*** DATA FOR REVIEW ***
(* Let $\boldsymbol\beta=(\beta_1,\dots,\beta_N)\in(0,\infty)^N$ and $v\in\mathbb R$ with $\beta_i+v>0$ for all $i$. For any $u_0\in(-\min_i\beta_i,\infty)$ there exist an open disk $U\subset\mathbb C$ containing $u_0$ and constants $C,r>0$ such that for all $u\in U$ and all $\boldsymbol X=(\boldsymbol X_1,\boldsymbol X_2)\in\mathbb R^{2N}$, $$\big|H^{\boldsymbol\beta,u,v}(\boldsymbol X)\big|\le C\exp\Big(-r\Big(\sum_{j=1}^N|X_1(j)|+\sum_{j=1}^N|X_2(j)|\Big)\Big).$$
   Context: For $\theta\in\mathbb C$ let $f_\theta(x)=e^{-\theta x-e^{-x}}$. For $\boldsymbol X_i=(X_i(1),\dots,X_i(N))\in\mathbb R^N$, $i=1,2$, and $u\in\mathbb C$, $$H^{\boldsymbol\beta,u,v}(\boldsymbol X)=\Big(\sum_{j=1}^Ne^{-\sum_{i=j+1}^NX_2(i)-\sum_{i=1}^{j-1}X_1(i)}\Big)^{-(u+v)}\prod_{j=1}^Nf_{\beta_j+v}(X_1(j))f_{\beta_j+u}(X_2(j)),$$ where for $S>0$ and complex $w$, $S^{w}=e^{w\log S}$. *)

From Stdlib Require Import Reals.
From Coquelicot Require Import Coquelicot.
Open Scope R_scope.

Definition Cexp (z : C) : C :=
  (exp (Re z) * cos (Im z), exp (Re z) * sin (Im z)).

Definition cpow (S : R) (w : C) : C := Cexp (w * RtoC (ln S)).

Definition ftheta (theta : C) (x : R) : C :=
  Cexp (- (theta * RtoC x) - RtoC (exp (- x))).

Fixpoint Cprod1 (N : nat) (F : nat -> C) : C :=
  match N with
  | O => 1%C
  | S n => (Cprod1 n F * F (S n))%C
  end.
***
Repeat all the lines above verbatim.

**THE COMPLETED TASK:**
(* Let $\boldsymbol\beta=(\beta_1,\dots,\beta_N)\in(0,\infty)^N$ and $v\in\mathbb R$ with $\beta_i+v>0$ for all $i$. For any $u_0\in(-\min_i\beta_i,\infty)$ there exist an open disk $U\subset\mathbb C$ containing $u_0$ and constants $C,r>0$ such that for all $u\in U$ and all $\boldsymbol X=(\boldsymbol X_1,\boldsymbol X_2)\in\mathbb R^{2N}$, $$\big|H^{\boldsymbol\beta,u,v}(\boldsymbol X)\big|\le C\exp\Big(-r\Big(\sum_{j=1}^N|X_1(j)|+\sum_{j=1}^N|X_2(j)|\Big)\Big).$$
   Context: For $\theta\in\mathbb C$ let $f_\theta(x)=e^{-\theta x-e^{-x}}$. For $\boldsymbol X_i=(X_i(1),\dots,X_i(N))\in\mathbb R^N$, $i=1,2$, and $u\in\mathbb C$, $$H^{\boldsymbol\beta,u,v}(\boldsymbol X)=\Big(\sum_{j=1}^Ne^{-\sum_{i=j+1}^NX_2(i)-\sum_{i=1}^{j-1}X_1(i)}\Big)^{-(u+v)}\prod_{j=1}^Nf_{\beta_j+v}(X_1(j))f_{\beta_j+u}(X_2(j)),$$ where for $S>0$ and complex $w$, $S^{w}=e^{w\log S}$. *)

From Stdlib Require Import Reals.
From Coquelicot Require Import Coquelicot.
Open Scope R_scope.

Definition Cexp (z : C) : C :=
  (exp (Re z) * cos (Im z), exp (Re z) * sin (Im z)).

Definition cpow (S : R) (w : C) : C := Cexp (w * RtoC (ln S)).

Definition ftheta (theta : C) (x : R) : C :=
  Cexp (- (theta * RtoC x) - RtoC (exp (- x))).

Fixpoint Cprod1 (N : nat) (F : nat -> C) : C :=
  match N with
  | O => 1%C
  | S n => (Cprod1 n F * F (S n))%C
  end.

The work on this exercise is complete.